In the listing below, find the line containing "by move/eqP: tV;" and the line containing "by exists S; split=> // l; have". Repeat exactly those two lines and every line between them, nothing more.

[Start of section]

(* Torus action: t multiplies the (i,j)-th coordinate by t_j.  A subspace p is
   the row space of A; t.p is the row space of A *m diag(t). *)
Definition torus_act (t : 'I_n -> C) (A : 'M[C]_(k, N)) : 'M[C]_(k, N) :=
  A *m diag_mx (\row_c t (cell c).2).

Definition pl_index (f : 'I_k -> 'I_N) : Prop := forall a b : 'I_k, (a < b)%N -> (f a < f b)%N.
Definition plucker (A : 'M[C]_(k, N)) (f : 'I_k -> 'I_N) : C := \det (colsub f A).

Definition orbit_exponents (A : 'M[C]_(k, N)) (e : 'I_n -> nat) : Prop :=
  exists f, pl_index f /\ exists c : C, c != 0 /\
    forall t : 'I_n -> C, (forall j, t j != 0) ->
      plucker (torus_act t A) f = c * \prod_(j < n) t j ^+ e j.

(* W_j : the span of the r columns indexed by (i,j), i in [r], represented
   (mxalgebra style) by the r x k matrix whose rows are these columns. *)
Definition Wspace (A : 'M[C]_(k, N)) (j : 'I_n) : 'M[C]_(r, k) :=
  (colsub (fun i : 'I_r => cell_idx (i, j)) A)^T.

Definition polyrank (A : 'M[C]_(k, N)) (S : {set 'I_n}) : nat :=
  \rank (\sum_(j in S) <<Wspace A j>>)%MS.
End Defs.

Section Polytopes.
Variables (R : realFieldType) (n : nat).

Definition conv (X : 'rV[R]_n -> Prop) (x : 'rV[R]_n) : Prop :=
  exists (m : nat) (v : 'I_m -> 'rV[R]_n) (l : 'I_m -> R),
    (forall i, X (v i)) /\ (forall i, 0 <= l i) /\ \sum_i l i = 1 /\
    x = \sum_i l i *: v i.

Definition base_polytope (rk : {set 'I_n} -> nat) (x : 'rV[R]_n) : Prop :=
  (forall j, 0 <= x 0 j) /\
  (forall U : {set 'I_n}, \sum_(j in U) x 0 j <= (rk U)%:R) /\
  \sum_(j < n) x 0 j = (rk setT)%:R.

Definition lattice_iso (P Q : 'rV[R]_n -> Prop) : Prop :=
  exists (M : 'M[int]_n) (b : 'rV[int]_n), M \in unitmx /\
    forall y, Q y <-> exists x, P x /\ y = x *m map_mx intr M + map_mx intr b.
End Polytopes.

(* The lattice polytope of the projective toric variety closure(T p):
   convex hull of the exponent vectors of the parameterizing monomials. *)
Definition toric_polytope (R : realFieldType) (C : fieldType) (r n k : nat)
  (A : 'M[C]_(k, cellN r n)) : 'rV[R]_n -> Prop :=
  conv (fun x => exists e, orbit_exponents A e /\ x = \row_j (e j)%:R).
Arguments toric_polytope R {C r n k} A _.
Arguments base_polytope R {n} rk x.

(* A Pluecker coordinate of t.p is the corresponding coordinate of p times
   t^e, where e_j counts the chosen columns lying in block j; so the vertices
   of the toric polytope are the block-count vectors e_S of the column bases S
   of A, and the lattice isomorphism can be taken to be the identity.
   Rado's theorem for the column matroid of A identifies the vectors e_S with
   the integral points of the base polytope of polyrank A.  Finally, the base
   polytope of any integer submodular function is the convex hull of its
   integral points: if two support coordinates i, j of x are separated by no
   tight set, x can be moved both ways along e_i - e_j inside the polytope,
   each time gaining a tight set or a zero coordinate; otherwise every
   coordinate x_i is a difference of two ranks. *)

From HB Require Import structures.
From mathcomp Require Import all_boot all_order all_algebra.
From mathcomp Require Import reals.
From mathcomp Require Import complex.
From mathcomp Require Import zify ring lra.
Set Implicit Arguments. Unset Strict Implicit. Unset Printing Implicit Defensive.
Import Order.TTheory GRing.Theory Num.Theory.

Lemma big_setUI (V : Type) (idx : V) (op : Monoid.com_law idx) (I : finType)
    (A B : {set I}) (F : I -> V) :
  op (\big[op/idx]_(i in A :|: B) F i) (\big[op/idx]_(i in A :&: B) F i) =
  op (\big[op/idx]_(i in A) F i) (\big[op/idx]_(i in B) F i).
Proof.
rewrite (big_setID (A := A :|: B) A) setUK setDUl setDv set0U (big_setID (A := B) A) setIC.
by rewrite Monoid.mulmAC -Monoid.mulmA.
Qed.

Lemma sum_indicator (I : finType) (A : {set I}) i : \sum_(l in A) (l == i) = (i \in A) :> nat.
Proof.
have [iA|iA] := boolP (i \in A).
  by rewrite (big_setD1 i) //= eqxx big1 // => l; rewrite !inE => /andP[/negbTE ->].
by rewrite big1 // => l; case: eqP => // ->; rewrite (negbTE iA).
Qed.

Lemma finset_ind (T : finType) (P : {set T} -> Prop) :
  P set0 -> (forall (c : T) (A : {set T}), c \notin A -> P A -> P (c |: A)) -> forall A, P A.
Proof.
move=> P0 PU A; have [m] := ubnP #|A|; elim: m A => // m IH A.
have [-> _|[c cA]] := set_0Vmem A; first exact: P0.
rewrite ltnS (cardsD1 c) cA => le_m.
by rewrite -(setD1K cA); apply: PU; [rewrite !inE eqxx | exact: IH].
Qed.

Section Matroid.
Variables (T : finType) (rho : {set T} -> nat).
Implicit Types (A B : {set T}) (c : T).
Hypothesis rho_set0 : rho set0 = 0.
Hypothesis rho_mono : forall A B, A \subset B -> rho A <= rho B.
Hypothesis rho_submod : forall A B, rho (A :|: B) + rho (A :&: B) <= rho A + rho B.
Hypothesis rho_setU1 : forall c A, rho (c |: A) <= (rho A).+1.

Lemma rank_setU_card A B : rho (A :|: B) <= rho A + #|B|.
Proof.
elim/finset_ind: B => [|c B cB IH]; first by rewrite setU0 cards0 addn0.
by rewrite cardsU1 cB setUCA; apply: leq_trans (rho_setU1 _ _) _; rewrite addnS ltnS.
Qed.

Lemma indep_subset A B : rho A = #|A| -> B \subset A -> rho B = #|B|.
Proof.
move=> indepA BA; have := rank_setU_card (A :&: B) (A :\: B).
rewrite setID indepA -(cardsID B A) (setIidPr BA).
by have := rank_setU_card set0 B; rewrite set0U rho_set0; lia.
Qed.

Lemma rank_setU1_subset c A B : B \subset A -> rho (c |: A) + rho B <= rho (c |: B) + rho A.
Proof.
move=> BA; have := rho_submod (c |: B) A; rewrite -setUA (setUidPr BA).
have := rho_mono (_ : B \subset (c |: B) :&: A); rewrite subsetI subsetUr BA => /(_ isT).
lia.
Qed.

Lemma rank_closure A B :
  (forall c, c \in B -> rho (c |: A) <= rho A) -> rho (A :|: B) <= rho A.
Proof.
elim/finset_ind: B => [|c B _ IH] closed; first by rewrite setU0.
have {}IH : rho (A :|: B) <= rho A by apply: IH => d dB; apply: closed; rewrite !inE dB orbT.
have := rank_setU1_subset c (subsetUl A B); have := closed c (setU11 c B).
by rewrite setUCA; lia.
Qed.

Variables (I : finType) (g : T -> I).
Implicit Types (S X : {set T}) (U V : {set I}) (y : I -> nat).

Definition fiber_count S l := \sum_(c in S) (g c == l).

Lemma sum_fiber_count S U : \sum_(l in U) fiber_count S l = #|S :&: g @^-1: U|.
Proof.
rewrite exchange_big /=; transitivity (\sum_(c in S) (g c \in U)).
  by apply: eq_bigr => c _; rewrite -sum_indicator; apply: eq_bigr => l _; rewrite eq_sym.
rewrite -sum1_card big_mkcond [RHS]big_mkcond; apply: eq_bigr => c _.
by rewrite !inE; case: (c \in S).
Qed.

Lemma fiber_count_setU1 c S l :
  c \notin S -> fiber_count (c |: S) l = (g c == l) + fiber_count S l.
Proof. exact: big_setU1. Qed.

(* Rado's condition for extending the independent set S by a family with
   y l elements in the fiber over l. *)
Definition rado_condition S y :=
  forall U, \sum_(l in U) y l + #|S| <= rho (S :|: g @^-1: U).

Definition rado_tight S y U := \sum_(l in U) y l + #|S| == rho (S :|: g @^-1: U).

Lemma rado_tight_setU S y U V : rado_condition S y ->
  rado_tight S y U -> rado_tight S y V -> rado_tight S y (U :|: V).
Proof.
move=> cond /eqP tU /eqP tV; apply/eqP.
have := rho_submod (S :|: g @^-1: U) (S :|: g @^-1: V).
rewrite setUACA setUid -preimsetU -setUIr -preimsetI -tU -tV.
have : \sum_(l in U :|: V) y l + \sum_(l in U :&: V) y l =
       \sum_(l in U) y l + \sum_(l in V) y l by exact: big_setUI.
have := cond (U :|: V); have := cond (U :&: V).
lia.
Qed.

Lemma rado_tight_max S y j : rho S = #|S| -> rado_condition S y ->
  exists U, [/\ j \notin U, rado_tight S y U &
                forall V, j \notin V -> rado_tight S y V -> V \subset U].
Proof.
move=> indepS cond; pose P V := (j \notin V) && rado_tight S y V.
exists (\bigcup_(V | P V) V).
have /andP[jU tU] : P (\bigcup_(V | P V) V).
  apply: (big_ind P) => [|U V /andP[jU tU] /andP[jV tV]|//].
    by rewrite /P /rado_tight in_set0 big_set0 preimset0 setU0 indepS add0n eqxx.
  by rewrite /P inE negb_or jU jV rado_tight_setU.
by split=> // V jV tV; apply: bigcup_sup; rewrite /P jV.
Qed.

(* If no element of the fiber over j raised the rank of X = S :|: g @^-1: U,
   then X would span that fiber, and tightness of U would make Rado's
   condition fail for j |: U. *)
Lemma rado_free_element S y j U : rado_condition S y -> 0 < y j ->
  j \notin U -> rado_tight S y U ->
  exists2 c, g c = j & rho (c |: (S :|: g @^-1: U)) = (rho (S :|: g @^-1: U)).+1.
Proof.
move=> cond yj jU /eqP tU; set X := S :|: g @^-1: U.
have [c /andP[/eqP gc /eqP free]|none] :=
  pickP (fun c => (g c == j) && (rho (c |: X) == (rho X).+1)); first by exists c.
have closed c : c \in g @^-1: [set j] -> rho (c |: X) <= rho X.
  rewrite !inE => gc; have := rho_setU1 c X; have := none c; rewrite gc /=.
  by move/eqP; lia.
have := rank_closure closed.
have -> : X :|: g @^-1: [set j] = S :|: g @^-1: (j |: U).
  by rewrite /X -setUA -preimsetU [U :|: _]setUC.
by have := cond (j |: U); rewrite big_setU1 //= /X; lia.
Qed.

Lemma rado_step S y j : rho S = #|S| -> rado_condition S (fun l => y l + (l == j)) ->
  exists2 c, g c = j & [/\ c \notin S, rho (c |: S) = #|c |: S| & rado_condition (c |: S) y].
Proof.
move=> indepS cond.
have [U [jU tU U_max]] := rado_tight_max j indepS cond.
have yj : 0 < y j + (j == j) by rewrite eqxx addn1.
have [c gc free] := rado_free_element cond yj jU tU.
have free_sub B : B \subset S :|: g @^-1: U -> rho (c |: B) = (rho B).+1.
  move=> BX; have := rank_setU1_subset c BX; have := rho_setU1 c B; lia.
have cS : c \notin S.
  apply/negP => cS; have := free_sub S (subsetUl _ _).
  by rewrite (setUidPr (_ : [set c] \subset S)) ?sub1set //; lia.
have indep_cS : rho (c |: S) = #|c |: S| by rewrite free_sub ?subsetUl // cardsU1 cS indepS.
exists c => //; split=> // V; rewrite cardsU1 cS /=.
have := cond V; rewrite big_split /= sum_indicator.
(* If j is in V, then c is already in the fiber; a tight V avoiding j lies in
   U, over which c is free; any other V has slack to spare. *)
case jV: (j \in V).
  have -> // : (c |: S) :|: g @^-1: V = S :|: g @^-1: V.
    by rewrite -setUA (setUidPr (_ : [set c] \subset _)) // sub1set !inE gc jV orbT.
  lia.
have [tV|ntV] := boolP (rado_tight S (fun l => y l + (l == j)) V).
  rewrite -setUA free_sub; last by rewrite setUS // preimsetS // U_max ?jV.
  by move/eqP: tV; rewrite big_split /= sum_indicator jV; lia.
have := rho_mono (_ : S :|: g @^-1: V \subset (c |: S) :|: g @^-1: V).
move/eqP: ntV; rewrite big_split /= sum_indicator jV setSU ?subsetUr //.
lia.
Qed.

Lemma rado_extend S y : rho S = #|S| -> rado_condition S y ->
  exists S', [/\ S \subset S', rho S' = #|S'| &
                 forall l, fiber_count S' l = fiber_count S l + y l].
Proof.
have [m] := ubnP (\sum_l y l); elim: m S y => // m IH S y; rewrite ltnS => sum_y indepS cond.
have [j yj|y0] := pickP (fun l => 0 < y l); last first.
  by exists S; split=> // l; have := y0 l; rewrite lt0n => /negbFE/eqP ->; rewrite addn0.
pose y' l := y l - (l == j).
have yE l : y l = y' l + (l == j) by rewrite subnK //; case: eqP => // ->.
have cond' : rado_condition S (fun l => y' l + (l == j)).
  by move=> V; rewrite -(eq_bigr _ (fun l _ => yE l)); exact: cond.
have [c gc [cS indep_cS cond_cS]] := rado_step indepS cond'.
have sum_y' : \sum_l y' l < m.
  have one_j : \sum_l (l == j) = 1 by rewrite (bigD1 j) //= eqxx big1 // => l /negbTE ->.
  by move: sum_y; rewrite (eq_bigr _ (fun l _ => yE l)) big_split /= one_j addn1.
have [S' [sub' indep' count']] := IH _ _ sum_y' indep_cS cond_cS.
exists S'; split=> //; first exact: subset_trans (subsetUr [set c] S) sub'.
by move=> l; rewrite count' fiber_count_setU1 // gc (yE l) eq_sym; lia.
Qed.

Theorem rado y : (forall U, \sum_(l in U) y l <= rho (g @^-1: U)) ->
  exists S, rho S = #|S| /\ forall l, fiber_count S l = y l.
Proof.
move=> cond; have [||S [_ indepS count]] := @rado_extend set0 y; rewrite ?rho_set0 ?cards0 //.
  by move=> U; rewrite cards0 addn0 set0U; exact: cond.
by exists S; split=> // l; rewrite count /fiber_count big_set0.
Qed.

End Matroid.

Local Open Scope ring_scope.

Section Convexity.
Variables (R : realFieldType) (n : nat).
Implicit Types (X Y : 'rV[R]_n -> Prop) (x : 'rV[R]_n).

[End of section]

[TASK RESPONSE]
  by move/eqP: tV; rewrite big_split /= sum_indicator jV; lia.
have := rho_mono (_ : S :|: g @^-1: V \subset (c |: S) :|: g @^-1: V).
move/eqP: ntV; rewrite big_split /= sum_indicator jV setSU ?subsetUr //.
lia.
Qed.

Lemma rado_extend S y : rho S = #|S| -> rado_condition S y ->
  exists S', [/\ S \subset S', rho S' = #|S'| &
                 forall l, fiber_count S' l = fiber_count S l + y l].
Proof.
have [m] := ubnP (\sum_l y l); elim: m S y => // m IH S y; rewrite ltnS => sum_y indepS cond.
have [j yj|y0] := pickP (fun l => 0 < y l); last first.
  by exists S; split=> // l; have := y0 l; rewrite lt0n => /negbFE/eqP ->; rewrite addn0.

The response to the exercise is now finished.